(* Let $T^{\natural}=(S^{\natural},I^{\natural},R^{\natural},V^{\natural})$ be an infinite-state transition system, $\varphi$ a set of predicates with $V(\varphi)\subseteq V^{\natural}_{int}$, and $T^{\sharp}=(S^{\sharp},I^{\sharp},R^{\sharp},V^{\sharp})$ the partially predicate abstracted transition system defined in the context. For every ACTL formula $f^{\sharp}$ over the variables of $T^{\sharp}$, if $T^{\sharp}\models f^{\sharp}$ then $T^{\natural}\models\gamma(f^{\sharp})$.
   Context: A transition system $T=(S,I,R,V)$ has variables $V=V_{bool}\cup V_{int}$, states $S\subseteq\mathcal{B}^{|V_{bool}|}\times\mathcal{Z}^{|V_{int}|}$, initial states $I\subseteq S$, transition relation $R\subseteq S\times S$; $T\models f$ means every initial state satisfies $f$. ACTL is the universal fragment of CTL. Given predicates $\varphi=\{\varphi_1,\dots,\varphi_n\}$ over integer variables, $V(\varphi)$ is the set of their variables, $\varphi_i'$ their primed (next-state) versions; fresh booleans $b_i,b_i'$ stand for $\varphi_i,\varphi_i'$. $\alpha(s)=\exists V(\varphi).(s\wedge\bigwedge_i(\varphi_i\iff b_i))$; with $CS=\bigwedge_i\big((\bigwedge_{v\in V(\varphi_i)}v'=v)\implies(b_i'\iff b_i)\big)$, $\alpha^{\tau}(r)=\exists V(\varphi).\exists V(\varphi').\big(r\wedge CS\wedge\bigwedge_i(\varphi_i\iff b_i)\wedge\bigwedge_i(\varphi_i'\iff b_i')\big)$. $T^{\sharp}$ has variables $V^{\sharp}=(V^{\natural}\cup\{b_i\})\setminus V(\varphi)$, $S^{\sharp}=\bigcup_{s\in S^{\natural}}\alpha(s)$, $I^{\sharp}=\bigcup_{s\in I^{\natural}}\alpha(s)$, $R^{\sharp}=\bigcup_{r\in R^{\natural}}\alpha^{\tau}(r)$. For a state formula $a$ over $V^{\sharp}$, $\gamma(a)=a[\bar\varphi/\bar b]$ (replace each $b_i$ by $\varphi_i$); for a temporal formula $f^{\sharp}$, $\gamma(f^{\sharp})$ is obtained by recursively replacing every atomic subformula $a$ of $f^{\sharp}$ by $\gamma(a)$, keeping the temporal and boolean structure. *)

From HB Require Import structures.
From mathcomp Require Import all_boot all_order all_algebra.
Unset Printing Implicit Defensive.

(* Boolean variables are indexed by the finite type VB, integer variables by
   the finite type VI; a concrete state assigns a boolean to each boolean
   variable and an integer to each integer variable. *)
Definition cstate (VB VI : finType) : Type :=
  ({ffun VB -> bool} * {ffun VI -> int})%type.

Definition Vphi {VI : finType} {n : nat} (Vars : 'I_n -> {set VI}) : {set VI} :=
  \bigcup_(i < n) Vars i.

(* Abstract state over V# = (V \cup {b_i}) \ V(phi): the boolean variables,
   the fresh booleans b_0..b_{n-1}, and the integer variables outside V(phi). *)
Definition astate (VB : finType) {VI : finType} {n : nat} (Vars : 'I_n -> {set VI}) : Type :=
  ({ffun VB -> bool} * {ffun 'I_n -> bool}
   * {ffun {v : VI | v \notin Vphi Vars} -> int})%type.

(* The abstract state obtained from a concrete state s: b_i := phi_i(s), and
   the variables of V(phi) are projected away (existential quantification). *)
Definition abs_state {VB VI : finType} {n : nat}
  (phi : 'I_n -> {ffun VI -> int} -> bool) (Vars : 'I_n -> {set VI})
  (s : cstate VB VI) : astate VB Vars :=
  (s.1, [ffun i => phi i s.2], [ffun v => s.2 (val v)]).

Record TS (St : Type) := mkTS {
  tsS : St -> Prop;
  tsI : St -> Prop;
  tsR : St -> St -> Prop }.
Arguments mkTS {St}.
Arguments tsS {St}.
Arguments tsI {St}.
Arguments tsR {St}.

Definition alpha {VB VI : finType} {n : nat}
  (phi : 'I_n -> {ffun VI -> int} -> bool) (Vars : 'I_n -> {set VI})
  (s : cstate VB VI) (a : astate VB Vars) : Prop :=
  a = abs_state phi Vars s.

Definition alpha_tau {VB VI : finType} {n : nat}
  (phi : 'I_n -> {ffun VI -> int} -> bool) (Vars : 'I_n -> {set VI})
  (s s' : cstate VB VI) (a a' : astate VB Vars) : Prop :=
  a = abs_state phi Vars s /\ a' = abs_state phi Vars s' /\
  (forall i : 'I_n, (forall v, v \in Vars i -> s'.2 v = s.2 v) ->
     (a'.1.2 i = a.1.2 i)).

Definition abs_TS {VB VI : finType} {n : nat}
  (phi : 'I_n -> {ffun VI -> int} -> bool) (Vars : 'I_n -> {set VI})
  (T : TS (cstate VB VI)) : TS (astate VB Vars) :=
  mkTS (fun a => exists s, tsS T s /\ alpha phi Vars s a)
       (fun a => exists s, tsI T s /\ alpha phi Vars s a)
       (fun a a' => exists s s', tsR T s s' /\ alpha_tau phi Vars s s' a a').

(* ACTL formulas (negation normal form; negation only on atomic state
   formulas). Atomic state formulas over the state type St are represented
   by their denotation St -> bool. *)
Inductive actl (St : Type) : Type :=
| ATrue | AFalse
| Atom of (St -> bool)
| NAtom of (St -> bool)
| AAnd of actl St & actl St
| AOr of actl St & actl St
| AX of actl St
| AF of actl St
| AG of actl St
| AU of actl St & actl St
| AR of actl St & actl St.
Arguments ATrue {St}.
Arguments AFalse {St}.
Arguments Atom {St}.
Arguments NAtom {St}.
Arguments AAnd {St}.
Arguments AOr {St}.
Arguments AX {St}.
Arguments AF {St}.
Arguments AG {St}.
Arguments AU {St}.
Arguments AR {St}.

Definition is_path {St : Type} (R : St -> St -> Prop) (p : nat -> St) : Prop :=
  forall k, R (p k) (p k.+1).

Fixpoint sat {St : Type} (R : St -> St -> Prop) (f : actl St) (s : St) : Prop :=
  match f with
  | ATrue => True
  | AFalse => False
  | Atom a => a s
  | NAtom a => ~~ a s
  | AAnd f g => sat R f s /\ sat R g s
  | AOr f g => sat R f s \/ sat R g s
  | AX f => forall p, p 0 = s -> is_path R p -> sat R f (p 1)
  | AF f => forall p, p 0 = s -> is_path R p -> exists k, sat R f (p k)
  | AG f => forall p, p 0 = s -> is_path R p -> forall k, sat R f (p k)
  | AU f g => forall p, p 0 = s -> is_path R p ->
      exists k, sat R g (p k) /\ forall j, j < k -> sat R f (p j)
  | AR f g => forall p, p 0 = s -> is_path R p ->
      forall k, sat R g (p k) \/ exists2 j, j < k & sat R f (p j)
  end.

Definition models {St : Type} (T : TS St) (f : actl St) : Prop :=
  forall s, tsI T s -> sat (tsR T) f s.

(* gamma on atomic state formulas: substitute phi_i for b_i. *)
Definition gamma_atom {VB VI : finType} {n : nat}
  (phi : 'I_n -> {ffun VI -> int} -> bool) (Vars : 'I_n -> {set VI})
  (a : astate VB Vars -> bool) : cstate VB VI -> bool :=
  fun s => a (abs_state phi Vars s).

Fixpoint gamma {VB VI : finType} {n : nat}
  (phi : 'I_n -> {ffun VI -> int} -> bool) (Vars : 'I_n -> {set VI})
  (f : actl (astate VB Vars)) : actl (cstate VB VI) :=
  match f with
  | ATrue => ATrue
  | AFalse => AFalse
  | Atom a => Atom (gamma_atom phi Vars a)
  | NAtom a => NAtom (gamma_atom phi Vars a)
  | AAnd f g => AAnd (gamma phi Vars f) (gamma phi Vars g)
  | AOr f g => AOr (gamma phi Vars f) (gamma phi Vars g)
  | AX f => AX (gamma phi Vars f)
  | AF f => AF (gamma phi Vars f)
  | AG f => AG (gamma phi Vars f)
  | AU f g => AU (gamma phi Vars f) (gamma phi Vars g)
  | AR f g => AR (gamma phi Vars f) (gamma phi Vars g)
  end.

From mathcomp Require Import all_boot all_order all_algebra.

(* The abstraction map s |-> alpha(s) is a simulation of T by T#: every
   concrete path maps to an abstract path (the constraint CS holds because
   phi_i depends only on V(phi_i)), and gamma f is f with its atoms pulled
   back along that map.  Universal path quantifiers in ACTL are therefore
   preserved backwards. *)

Section Simulation.

Variables (St St' : Type) (h : St -> St').

Fixpoint actl_comap (f : actl St') : actl St :=
  match f with
  | ATrue => ATrue
  | AFalse => AFalse
  | Atom a => Atom (fun s => a (h s))
  | NAtom a => NAtom (fun s => a (h s))
  | AAnd f g => AAnd (actl_comap f) (actl_comap g)
  | AOr f g => AOr (actl_comap f) (actl_comap g)
  | AX f => AX (actl_comap f)
  | AF f => AF (actl_comap f)
  | AG f => AG (actl_comap f)
  | AU f g => AU (actl_comap f) (actl_comap g)
  | AR f g => AR (actl_comap f) (actl_comap g)
  end.

Variables (R : St -> St -> Prop) (R' : St' -> St' -> Prop).
Hypothesis h_step : forall s s', R s s' -> R' (h s) (h s').

Lemma is_path_comp {p : nat -> St} : is_path R p -> is_path R' (h \o p).
Proof. by move=> Rp k; apply: h_step. Qed.

Lemma sat_comap (f : actl St') (s : St) :
  sat R' f (h s) -> sat R (actl_comap f) s.
Proof.
elim: f s => [||a|a|f IHf g IHg|f IHf g IHg|f IHf|f IHf|f IHf|f IHf g IHg|f IHf g IHg]
  s //=.
- by case=> /IHf ? /IHg ?.
- by case=> [/IHf|/IHg]; [left|right].
all: move=> sat_h p p0 Rp; have := sat_h (h \o p) (congr1 h p0) (is_path_comp Rp).
- exact: IHf.
- by case=> k /IHf; exists k.
- by move=> fk k; apply/IHf/fk.
- by case=> k [/IHg gk fj]; exists k; split=> // j /fj /IHf.
- move=> gf k; case: (gf k) => [/IHg|[j ltjk /IHf]]; first by left.
  by right; exists j.
Qed.

End Simulation.

Arguments actl_comap {St St'} h f.

Lemma models_comap (St St' : Type) (h : St -> St') (T : TS St) (T' : TS St')
    (f : actl St') :
  (forall s, tsI T s -> tsI T' (h s)) ->
  (forall s s', tsR T s s' -> tsR T' (h s) (h s')) ->
  models T' f -> models T (actl_comap h f).
Proof. by move=> h_init h_step T'f s /h_init /T'f; apply: sat_comap. Qed.

Section PredicateAbstraction.

Variables (VB VI : finType) (n : nat).
Variables (phi : 'I_n -> {ffun VI -> int} -> bool) (Vars : 'I_n -> {set VI}).

Lemma gamma_comap (f : actl (astate VB Vars)) :
  gamma phi Vars f = actl_comap (abs_state phi Vars) f.
Proof. by elim: f => //= f -> // g ->. Qed.

Lemma abs_TS_init (T : TS (cstate VB VI)) (s : cstate VB VI) :
  tsI T s -> tsI (abs_TS phi Vars T) (abs_state phi Vars s).
Proof. by exists s. Qed.

Hypothesis phi_dep : forall (i : 'I_n) (x y : {ffun VI -> int}),
  (forall v, v \in Vars i -> x v = y v) -> phi i x = phi i y.

Lemma abs_TS_step (T : TS (cstate VB VI)) (s s' : cstate VB VI) :
  tsR T s s' ->
  tsR (abs_TS phi Vars T) (abs_state phi Vars s) (abs_state phi Vars s').
Proof.
move=> Tss'; exists s, s'; do 3!split=> //.
by move=> i same_Vars /=; rewrite !ffunE; apply: phi_dep.
Qed.

End PredicateAbstraction.

Theorem lemma7 (VB VI : finType) (n : nat)
  (phi : 'I_n -> {ffun VI -> int} -> bool) (Vars : 'I_n -> {set VI})
  (Hdep : forall (i : 'I_n) (x y : {ffun VI -> int}),
      (forall v, v \in Vars i -> x v = y v) -> phi i x = phi i y)
  (T : TS (cstate VB VI))
  (HI : forall s, tsI T s -> tsS T s)
  (HR : forall s s', tsR T s s' -> tsS T s /\ tsS T s')
  (f : actl (astate VB Vars)) :
  models (abs_TS phi Vars T) f -> models T (gamma phi Vars f).
Proof.
rewrite gamma_comap; apply: models_comap.
- exact: abs_TS_init.
- exact: abs_TS_step.
Qed.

——————

• **WORK INSTRUCTIONS**
What you return must be the lines above that run from the line with "-> Prop) (f" to the line with "St) (f : actl", inclusive, each copied exactly.

• **EXPECTED ANSWER**
Fixpoint sat {St : Type} (R : St -> St -> Prop) (f : actl St) (s : St) : Prop :=
  match f with
  | ATrue => True
  | AFalse => False
  | Atom a => a s
  | NAtom a => ~~ a s
  | AAnd f g => sat R f s /\ sat R g s
  | AOr f g => sat R f s \/ sat R g s
  | AX f => forall p, p 0 = s -> is_path R p -> sat R f (p 1)
  | AF f => forall p, p 0 = s -> is_path R p -> exists k, sat R f (p k)
  | AG f => forall p, p 0 = s -> is_path R p -> forall k, sat R f (p k)
  | AU f g => forall p, p 0 = s -> is_path R p ->
      exists k, sat R g (p k) /\ forall j, j < k -> sat R f (p j)
  | AR f g => forall p, p 0 = s -> is_path R p ->
      forall k, sat R g (p k) \/ exists2 j, j < k & sat R f (p j)
  end.

Definition models {St : Type} (T : TS St) (f : actl St) : Prop :=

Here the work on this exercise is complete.